Unlike other inventory management systems that their items are fungible, in this system they are not supposed to. Each item is serialized and tracked since the printing press. We are trying to move away from manually keep track of it. Due the volume (more than 4 million documents per year) and intrinsic characteristics of the serialization (incrementing integers) we made the following model:

class Documents(models.Model):
 document_type = models.IntegerField(choices=DocumentsStatusHistory.DocumentTypes.choices)
 series = models.PositiveIntegerField()
 serial_range = IntegerRangeField()
 located_at = ForeignKey(Warehouse)

where the document type describes an arbitrary and predefined type, series change to indicate the printing cycle and serial_range is the "compressed" serialized number. Due compliance requirement that full tracking records of the movement of that inventory per individual documents, we adopted the system that was already in use and that seems most familiar with our would be users. Since it is not expected that the entire inventory moves in bulk, but more of a subset of the entire bulk in each of the specific warehouses for either use or distribution, we need to slice and splice the serial_range value, which would "pop out" that range. This is what we came with:

document_record_to_splice = Documents.objects.get(id=1)
# For this example, I'm presuming that id=1 has the correct series, document type
# and the range is contained by the object being sliced/spliced.
if document_record_to_splice.serial_range == new_serial_range:
 document_record_to_splice
 return document_record_to_splice
# We return early if the range is equal to the entire record 
# (ie. new_range == existing_range).
if Documents.objects.filter(serial_range__overlaps=new_serial_range).count() > 1:
 raise Exception
# We also raise a exception if the range is between two separated records.
# Here is where everything starts
orig_bin = document_record_to_splice
# We create a copy of all of the fields of the original
o_serial_range = orig_bin.serial_range
document_type = orig_bin.document_type
series = orig_bin.series
located_at = orig_bin.located_at
# We create our new range objects that are not part of the intersection of the ranges.
# Something to improve here is that we presume that the intersection doesn't match any
# of the bounds of the existing object.
from psycopg.types.range import Range
lower_serial_range = Range(o_serial_range.lower, serial_range.upper - 1)
upper_serial_range = Range(serial_range.upper + 1, o_serial_range.upper)
# We delete the original object.

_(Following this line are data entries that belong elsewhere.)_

Lemma inv_word_std : inv_word (std A) = positions A (sort leq A).
Proof. by rewrite stdE inv_word_positions // perm_sym perm_sort. Qed.

End Standardization.

Lemma filter_inv_word_window n (mu : seq nat) i m : is_permn n mu ->
  [seq p <- inv_word mu | i < p <= i + m] =
  map (addn i) (inv_word (std (take m (drop i mu)))).
Proof.
move=> perm_mu; set w := take m (drop i mu).
have uniq_mu := uniq_permn perm_mu.
have uniq_w : uniq w by rewrite take_uniq ?drop_uniq.
have index_w x : x \in w -> index x mu = i + index x w.
  by move=> xw; rewrite (index_drop_uniq uniq_mu (mem_take xw)) index_take.
have mem_w x : (x \in w) = (x \in mu) && (i <= index x mu < i + m).
  have [xd|xnd] := boolP (x \in drop i mu).
    by rewrite in_take // (mem_drop xd) (index_drop_uniq uniq_mu xd) leq_addr ltn_add2l.
  rewrite (negbTE (contra (@mem_take _ _ _ _) xnd)).
  by case xmu: (x \in mu); rewrite //= -(mem_drop_index _ uniq_mu xmu) (negbTE xnd).
rewrite inv_word_std // inv_wordE filter_map -map_comp.
rewrite (_ : filter _ _ = sort leq w); last first.
  apply: (irr_sorted_eq ltn_trans ltnn); rewrite ?sort_leq_ltn_sorted //.
    by apply: sorted_filter; [apply: ltn_trans | apply: iota_ltn_sorted].
  move=> x; rewrite mem_filter mem_sort mem_w (perm_mem perm_mu) (size_permn perm_mu) /=.
  by rewrite ltnS andbC.
by apply/eq_in_map => x; rewrite mem_sort => /index_w /= ->; rewrite addnS.
Qed.

Lemma filter_inv_word_take n (mu : seq nat) j : is_permn n mu ->
  [seq p <- inv_word mu | p <= j] = inv_word (std (take j mu)).
Proof.
move=> perm_mu; have := filter_inv_word_window 0 j perm_mu.
rewrite drop0 (eq_map add0n) map_id => <-.
apply: eq_in_filter => p.
by rewrite (mem_permn (inv_word_perm perm_mu)) => /andP[->].
Qed.

Lemma filter_inv_word_drop n (mu : seq nat) i : is_permn n mu ->
  [seq p <- inv_word mu | i < p] = map (addn i) (inv_word (std (drop i mu))).
Proof.
move=> perm_mu; rewrite -[drop i mu](take_oversize (_ : size _ <= n)); last first.
  by rewrite size_drop (size_permn perm_mu) leq_subr.
rewrite -(filter_inv_word_window i n perm_mu); apply: eq_in_filter => p.
rewrite (mem_permn (inv_word_perm perm_mu)) => /andP[_ le_pn].
by rewrite (leq_trans le_pn (leq_addl _ _)) andbT.
Qed.

Lemma Sh_l_cons (pi ds a : seq nat) x : uniq a -> a \in Sh_l pi (x :: ds) ->
  exists2 a', a = x :: a' & ds = filter (mem ds) a'.
Proof.
rewrite !mem_filter => ua /andP[/andP[_ /eqP a0] /andP[/andP[_ sub] _]].
case: a a0 ua sub => [|y a'] //= -> /andP[_ ua']; rewrite eqxx => sub.
by exists a'; last by apply/subseq_uniqP.
Qed.

Section Lozenge.

Variables (j k : nat) (sigma tau : seq nat).
Hypotheses (perm_sigma : is_permn j sigma) (perm_tau : is_permn k tau).

Local Notation n := (j + k + 1).
Local Notation pi := (inv_word sigma).
Local Notation delta_tail := [seq x + j.+1 | x <- inv_word tau].
Local Notation delta := (j.+1 :: delta_tail).

Lemma delta_tailE : delta_tail = map (addn j.+1) (inv_word tau).
Proof. by apply: eq_map => x; rewrite addnC. Qed.

Lemma perm_delta_tail : perm_eq delta_tail (iota j.+2 k).
Proof. by rewrite delta_tailE -[j.+2]addn1 iotaDl; apply/perm_map/(inv_word_perm perm_tau). Qed.

Lemma mem_delta_tail x : (x \in delta_tail) = (j.+1 < x <= n).
Proof. by rewrite (perm_mem perm_delta_tail) mem_iota; lia. Qed.

Lemma perm_pi_delta : is_permn n (pi ++ delta).
Proof.
rewrite /is_permn addn1 -addnS iotaD; apply: perm_cat; first exact: inv_word_perm.
by rewrite add1n /= perm_cons perm_delta_tail.
Qed.

Lemma inv_word_head mu : is_permn n mu ->
  (nth 0 (inv_word mu) 0 == j.+1) = (nth 0 mu j == 1).
Proof.
move=> perm_mu; have lt_jn : j < size mu by rewrite (size_permn perm_mu) addn1 ltnS leq_addr.
rewrite nth_inv_word ?(leq_ltn_trans _ lt_jn) // eqSS.
by rewrite -(nth_eq_index_uniq 0) ?(uniq_permn perm_mu).
Qed.

Lemma subseq_pi_inv_word mu : is_permn n mu ->
  subseq pi (inv_word mu) = (std (take j mu) == sigma).
Proof.
move=> perm_mu; have perm_alpha := inv_word_perm perm_mu.
rewrite (sameP (subseq_uniqP (uniq_permn perm_alpha)) eqP) (eq_in_filter (a2 := leq^~ j)).
  rewrite (filter_inv_word_take j perm_mu).
  by rewrite (eq_inv_word perm_sigma (std_perm (take_uniq j (uniq_permn perm_mu)))) eq_sym.
move=> x; rewrite (mem_permn perm_alpha) => /andP[x_gt0 _].
by rewrite (mem_permn (inv_word_perm perm_sigma)) x_gt0.
Qed.

Lemma subseq_delta_inv_word mu : is_permn n mu -> nth 0 mu j = 1 ->
  subseq delta (inv_word mu) = (std (drop j.+1 mu) == tau).
Proof.
move=> perm_mu mu_j; have perm_alpha := inv_word_perm perm_mu.
have alpha_cons : inv_word mu = j.+1 :: behead (inv_word mu).
  have : 0 < size (inv_word mu) by rewrite (size_permn perm_alpha) addn1.
  move/eqP: mu_j; rewrite -inv_word_head //.
  by case: (inv_word mu) => //= a t /eqP ->.
have /andP[_ uniq_tail] : uniq (j.+1 :: behead (inv_word mu)).
  by rewrite -alpha_cons (uniq_permn perm_alpha).
rewrite [in LHS]alpha_cons /= eqxx (sameP (subseq_uniqP uniq_tail) eqP).
rewrite (eq_in_filter (a2 := ltn j.+1)).
  have -> : filter (ltn j.+1) (behead (inv_word mu)) = filter (ltn j.+1) (inv_word mu).
    by rewrite [in RHS]alpha_cons /= ltnn.
  rewrite (filter_inv_word_drop j.+1 perm_mu) delta_tailE (inj_eq (inj_map (@addnI j.+1))).
  by rewrite (eq_inv_word perm_tau (std_perm (drop_uniq j.+1 (uniq_permn perm_mu)))) eq_sym.
move=> x /mem_behead; rewrite (mem_permn perm_alpha) => /andP[_ le_xn].
by rewrite mem_delta_tail le_xn andbT.
Qed.

Lemma lozenge_inv_word mu : is_permn n mu ->
  (mu \in lozenge j k sigma tau) = (inv_word mu \in Sh_l pi delta).
Proof.
move=> perm_mu; have alpha_shuffle : perm_eq (inv_word mu) (pi ++ delta).
  by apply: perm_trans (inv_word_perm perm_mu) _; rewrite perm_sym; apply: perm_pi_delta.
rewrite !mem_filter !mem_permutations [perm_eq mu _]perm_mu alpha_shuffle !andbT /=.
rewrite inv_word_head // subseq_pi_inv_word //.
by case: eqP => //= /(subseq_delta_inv_word perm_mu) ->; rewrite andbC.
Qed.

Lemma lozenge_permn mu : mu \in lozenge j k sigma tau -> is_permn n mu.
Proof. by rewrite mem_filter mem_permutations => /andP[]. Qed.

Lemma perm_map_inv_word_lozenge :
  perm_eq (map inv_word (lozenge j k sigma tau)) (Sh_l pi delta).
Proof.
apply: uniq_perm.
- rewrite map_inj_in_uniq ?filter_uniq ?permutations_uniq //.
  by move=> m1 m2 /lozenge_permn p1 /lozenge_permn p2; apply: inv_word_inj p1 p2.
- by rewrite !filter_uniq ?permutations_uniq.
move=> alpha; apply/mapP/idP => [[mu mu_loz ->]|alpha_Sh].
  by rewrite -lozenge_inv_word // lozenge_permn.
have perm_alpha : is_permn n alpha.
  move: alpha_Sh; rewrite !mem_filter mem_permutations => /andP[_ /andP[_ /perm_trans]].
  by apply; apply: perm_pi_delta.
exists (inv_word alpha); last by rewrite (inv_wordK perm_alpha).
by rewrite lozenge_inv_word ?(inv_wordK perm_alpha) ?(inv_word_perm perm_alpha).
Qed.

Lemma genpoly_filter_lozenge (P Q : pred (seq nat)) :
  {in lozenge j k sigma tau, forall mu, P mu = Q (inv_word mu)} ->
  genpoly ides (filter P (lozenge j k sigma tau)) = genpoly des (filter Q (Sh_l pi delta)).
Proof.
move=> PQ; rewrite /genpoly /ides -(big_map inv_word predT (fun a => ('X^(des a))%R)).
apply: perm_big; rewrite (eq_in_filter PQ) -filter_map.
exact: perm_filter perm_map_inv_word_lozenge.
Qed.

Lemma lozenge_inv_word_cons mu : mu \in lozenge j k sigma tau ->
  exists2 a, inv_word mu = j.+1 :: a & delta_tail = filter (mem delta_tail) a.
Proof.
move=> mu_loz; have perm_mu := lozenge_permn mu_loz.
apply: (@Sh_l_cons pi); first exact: uniq_permn (inv_word_perm perm_mu).
by rewrite -lozenge_inv_word.
Qed.

(* For j = k = 0 the permutation [:: 1] violates the equivalence. *)
Lemma tri_up_inv_word mu : 0 < j + k -> mu \in lozenge j k sigma tau ->
  (n \in drop j.+1 mu) = (last 0 (inv_word mu) == last 0 delta).
Proof.
move=> jk_gt0 mu_loz; have perm_mu := lozenge_permn mu_loz.
have perm_alpha := inv_word_perm perm_mu.
have n_mu : n \in mu by rewrite (mem_permn perm_mu) leqnn addn1.
have index_n : index n mu < n by rewrite -[X in _ < X](size_permn perm_mu) index_mem.
have last_alpha : last 0 (inv_word mu) = (index n mu).+1.
  rewrite -nth_last size_inv_word (size_permn perm_mu) addn1.
  by rewrite nth_inv_word ?(size_permn perm_mu) ?addn1.
have [a alpha_cons tail_eq] := lozenge_inv_word_cons mu_loz.
have /andP[jNa uniq_a] : uniq (j.+1 :: a) by rewrite -alpha_cons (uniq_permn perm_alpha).
have a_nil : a != [::].
  by rewrite -size_eq0 -eqSS -/(size (j.+1 :: a)) -alpha_cons (size_permn perm_alpha) addn1 -lt0n.
rewrite (mem_drop_index _ (uniq_permn perm_mu) n_mu) alpha_cons /= tail_eq eq_sym.
rewrite last_filter_eq // inE mem_delta_tail.
by move: last_alpha; rewrite alpha_cons /= => ->; rewrite ltnS index_n andbT.
Qed.

Lemma tri_down_inv_word mu : mu \in lozenge j k sigma tau ->
  (2 \in drop j.+1 mu) = (1 < size delta) && (nth 0 (inv_word mu) 1 == nth 0 delta 1).
Proof.
move=> mu_loz; have perm_mu := lozenge_permn mu_loz.
have perm_alpha := inv_word_perm perm_mu.
rewrite /= size_map size_inv_word (size_permn perm_tau) ltnS.
have [k0|k_gt0] := posnP k.
  by rewrite drop_oversize // (size_permn perm_mu) k0 addn0 addn1.
have two_mu : 2 \in mu by rewrite (mem_permn perm_mu); lia.
have index_2 : index 2 mu < n by rewrite -[X in _ < X](size_permn perm_mu) index_mem.
have second_alpha : nth 0 (inv_word mu) 1 = (index 2 mu).+1.
  by rewrite nth_inv_word // (size_permn perm_mu); lia.
have [a alpha_cons tail_eq] := lozenge_inv_word_cons mu_loz.
have /andP[_ uniq_a] : uniq (j.+1 :: a) by rewrite -alpha_cons (uniq_permn perm_alpha).
have a0 : 0 \notin a.
  by apply: contraTN isT => a0; move: (mem_permn perm_alpha 0); rewrite alpha_cons inE a0 orbT.
have a_nil : a != [::].
  by rewrite -size_eq0 -eqSS -/(size (j.+1 :: a)) -alpha_cons (size_permn perm_alpha); lia.
rewrite (mem_drop_index _ (uniq_permn perm_mu) two_mu) alpha_cons /= !nth0 tail_eq eq_sym.
rewrite head_filter_eq // inE mem_delta_tail.
by move: second_alpha; rewrite alpha_cons /= nth0 => ->; rewrite ltnS index_2 andbT.
Qed.

End Lozenge.

Theorem proposition3p3 (j k : nat) (sigma tau : seq nat) :
  is_permn j sigma -> is_permn k tau ->
  let pi := inv_word sigma in
  let delta := j.+1 :: [seq x + j.+1 | x <- inv_word tau] in
  [/\ genpoly ides (lozenge j k sigma tau) = genpoly des (Sh_l pi delta),
      (0 < j + k)%N ->
        genpoly ides (tri_up j k sigma tau) = genpoly des (Sh_ls pi delta)
    & genpoly ides (tri_down j k sigma tau) = genpoly des (Sh_ll pi delta)].
Proof.
move=> perm_sigma perm_tau pi delta.
have transfer := genpoly_filter_lozenge perm_sigma perm_tau.
split.
- by have := transfer predT predT (fun _ _ => erefl); rewrite !filter_predT.
- by move=> jk_gt0; apply: transfer => mu; apply: tri_up_inv_word.
- by apply: transfer => mu; apply: tri_down_inv_word.
Qed.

Since we need to make sure that all records 
# have a continuous set of adjacent ranges, for any document type or series,
# and save those that are not part of the transferred range
orig_bin.delete()
for n_serial_range in [lower_serial_range, upper_serial_range]:
 orig_bin.pk = None
 orig_bin.serial_range = n_serial_range
 orig_bin.full_clean()
 orig_bin.save()
# We create our new record, with a copy of all the information that we cached
# before about it.
new_bin = Documents(
 document_type=document_type,
 series=series,
 serial_range=serial_range,
 document_status=o_document_status,
)
# The record of the transaction was saved on the function above.

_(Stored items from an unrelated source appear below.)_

(* Let ${\cal X}$ be a real Hilbert space, $M\in\mathbb{N}_0$ and $\kappa_1,\kappa_2>0$. For all $j\in\{1,\dots,M\}$ let $(s_j,y_j)\in{\cal X}\times{\cal X}$ satisfy $$\frac{y_j^Ts_j}{\|s_j\|^2}\ge\frac1{\kappa_1}\qquad\text{and}\qquad\frac{y_j^Ts_j}{\|y_j\|^2}\ge\frac1{\kappa_2}.$$ Let $B^{(0)}\in\mathcal{L}_+({\cal X})$, set $B_0:=B^{(0)}$ and $$B_j:=B_{j-1}+\frac{y_jy_j^T}{y_j^Ts_j}-\frac{B_{j-1}s_js_j^TB_{j-1}}{s_j^TB_{j-1}s_j},\qquad j=1,\dots,M,$$ and $B:=B_M$. Then $B\in\mathcal{L}_+({\cal X})$, $$\|B\|\le\|B^{(0)}\|+M\kappa_2,$$ and $$\|B^{-1}\|\le5^M\max\{1,\|(B^{(0)})^{-1}\|\}\max\{1,\kappa_1^M,(\kappa_1\kappa_2)^M\}.$$
   Context: ${\cal X}$ is a real Hilbert space with inner product written $x^Ty$ and induced norm $\|\cdot\|$; for $u,v\in{\cal X}$, $uv^T$ denotes the operator $w\mapsto u\,(v^Tw)$. $\mathcal{L}({\cal X})$ is the space of bounded linear operators on ${\cal X}$ and $\mathcal{L}_+({\cal X})$ the set of self-adjoint positive definite operators in $\mathcal{L}({\cal X})$. Operator norms are the induced norms. *)

From HB Require Import structures.
From mathcomp Require Import all_boot all_order all_algebra.
From mathcomp Require Import all_classical all_reals all_analysis.
Set Implicit Arguments. Unset Strict Implicit. Unset Printing Implicit Defensive.
Import Order.TTheory GRing.Theory Num.Theory.
Import numFieldNormedType.Exports.
Local Open Scope classical_set_scope.
Local Open Scope ring_scope.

This is how we would do it if we had to do it with raw SQL without much of django ORM but the .raw() helper:

with old_documents as (
delete from manager_documents
where document_type = %(document_type)s
and series = %(series)s
and serial_range @> '[%(new_range)s]'::numrange
returning document_type, document_status, created_at, series, multirange(serial_range) - multirange('[%(new_range)s]'::numrange) as kept_ranges, parent_transaction_id, located_at_id
)
insert into manager_documents (document_type, document_status, created_at, series, serial_range, parent_transaction_id, located_at_id)
select document_type, document_status, created_at, series, unnest(kept_ranges), parent_transaction_id, located_at_id
from old_documents;

The last sql would replace all the dancing around trying to copy the existing object.

Now my concerns are:

Is the SQL unavoidable if I don't want to have a logical complexity in python?
Are there any concerns with race conditions under any of the solutions? (technically, any code calling the splicing function should be bound in transaction.atomic())
Am I missing a standard Django ORM API that would avoid writing raw SQL?

Question 2

A concern not detailed here: what if I want to do this with multiple records at the same time? I could see an argument that by that time I should just loop this function and would be satisfied.

Question 3

As a python&django developer, I must confess that your SQL version is more readable than its python counterpart. I'd write an answer, but unfortunately your snippet is not reviewable. There are multiple undefined variables, some unused variables, import straight in the middle of a function, let alone missing def ... around something containing a return statement. You don't have to verbosely copy model attributes to variables unless you have a very weird custom delete - all instance fields (except for pk? not sure) remain available after calling .delete().

Question 4

And please don't ever write comments explaining code above. For if/else branches you may put comments inside them to comment on that branch selection or behaviour, but on top level comments should explain the following piece of code. Now it reads as We return early if the range is equal to the entire record... raise Exception - exception is certainly a kind of an early return, but not the one other people can comprehend this way.

Question 5

@STerliakov the comments are not on the code. They are only in this question trying to explain in a very narrow example, what it is doing and why. I don't blame you that it seems daunting, because inventory management software rarely isn't, specially when you are dealing with serialized items (there's only 1 combination of 3 characteristic described in the model, the located_at is something that should be implied of a inventory system).

Question 6

Hm, but CodeReview requires that you post a code to be reviewed (it should compile/run without obvious errors and be correct to the best of your knowledge) and be representative: we review the code included in your post. Now it certainly can't be run, and my comment above is part of review of the implementation that you posted and isn't an answer precisely because the snippet does not represent a runnable piece of software. Generic questions "is my approach reasonable", even if accompanied with some pseudocode, are off-topic here.

Question 7

complex DELETE

I confess I don't quite understand the motivation behind that SQL statement. It seems to be about finding set difference of kept_ranges and then un-nesting?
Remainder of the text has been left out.